In Knoxville it was pretty much the same-- the Vols entered signing day waiting on ten or so, landed five of them, and wound up with five Parade All-Americans. (Vol fans hadn't been that delirious since Shania Twain's first music video.) Bigtime recruits waited until the last day to make their decisions. Talk about stress-- how nerve-wracking must that be, to go into signing day with ten or more players on the fence? Just having one big name out there this year-- Fluellen-- was enough to light up the VandyMania message boards like a Christmas tree.
You see, Vanderbilt fans are just not at all used to that. Commodore fans are fond of and conditioned to seeing their signing class filled up early, so that signing day is calm and free of surprises. The only problem with that is... that's not the way the game is played at the highest level.
My thesis is that, even though Vanderbilt ultimately lost out late on several big-name players... the fact that Johnson was in the running for a few during the final weeks is a sign that things are changing for the better. Better to shoot for the "stars" (i.e., the ones that accompany the blue-chippers' names on recruiting sites) than to fill one's class in December with lesser-talented players who are jockeying for some scholarship, any scholarship.
True, Johnson was left Wednesday with a couple of unfilled scholarships for the 2003 class.
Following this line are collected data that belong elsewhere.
(* Let $X\in\mathbb{R}^{m\times n}_+$, $W\in\mathbb{R}^{m\times r}$, $H\in\mathbb{R}^{r\times n}_+$ with $X=WH$ satisfying the facet-based conditions (FBC) for some parameter $s$, where $d=\operatorname{rank}(X)$, and assume $X$ has no duplicated columns. Let $\bar x=\frac1n\sum_{j=1}^n X(:,j)$, $e$ the all-ones vector, and assume $X-\bar x e^\top$ has rank $d-1$ with compact SVD $X-\bar xe^\top=U\Sigma V^\top$, $U\in\mathbb{R}^{m\times(d-1)}$. Let $\tilde X=U^\top(X-\bar xe^\top)\in\mathbb{R}^{(d-1)\times n}$ and $\tilde W=U^\top(W-\bar xe^\top)$. Then, for $\theta\in\mathbb{R}^{d-1}$, the set $\{x\in\operatorname{conv}(\tilde W): \theta^\top x=1\}$ is a facet of $\operatorname{conv}(\tilde W)$ if and only if $\theta$ is a vertex of $\operatorname{conv}(\tilde X)^*=\{\theta:\tilde X^\top\theta\le e\}$ and $\big|\{j: \tilde X(:,j)^\top\theta=1\}\big|\ge s$.
   Context: For a matrix $M$, $\operatorname{conv}(M)$ denotes the convex hull of its columns. For a set $\mathcal A$ containing the origin in its interior, its dual is $\mathcal A^*=\{y: x^\top y\le 1 \text{ for all } x\in\mathcal A\}$. $|\mathcal A|$ denotes cardinality. A facet of a polytope is a face of dimension one less than the dimension of the polytope. The unit simplex is $\Delta^r=\{x\in\mathbb{R}^r: x\ge 0,\ \sum_i x_i=1\}$. Facet-based conditions (FBC) with parameter $s$ for $X=WH$, where $d=\operatorname{rank}(X)$: (a) no column of $W$ lies in the convex hull of the other columns of $W$; (b) $H(:,j)\in\Delta^r$ for all $j$; (c) each facet of $\operatorname{conv}(W)$ contains at least $s\ge d$ distinct columns of $X$, and among them at least $d-1$ generate that facet (the convex hull of these $s$ columns has dimension $d-2$); (d) every facet of $\operatorname{conv}(X)$ which is not a facet of $\operatorname{conv}(W)$ contains strictly fewer than $s$ distinct columns of $X$. *)

From HB Require Import structures.
From mathcomp Require Import all_boot all_order all_algebra.
From mathcomp Require Import reals.
Set Implicit Arguments. Unset Strict Implicit. Unset Printing Implicit Defensive.
Import Order.TTheory GRing.Theory Num.Theory.
Local Open Scope ring_scope.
But Johnson's confident determination to pursue the highest caliber of players and stay in the fight with the Florida States to the bitter end ultimately bodes well. It's a sign that Vandy is no longer willing to settle for leftovers. It's a sign that Vandy is going to belly up to the bar with the top bananas of the college football world. Even though Johnson rolled the dice and lost this year, Commodore fans can still rationalize that it's not likely to be that way every year.
"It doesn't do any good to come in second, but I think it does show that our program is attractive to some of the very best high school players," said Johnson.
Put another way: it's better to have "shown the love" to the elites, and lost-- than never to have "shown the love" at all.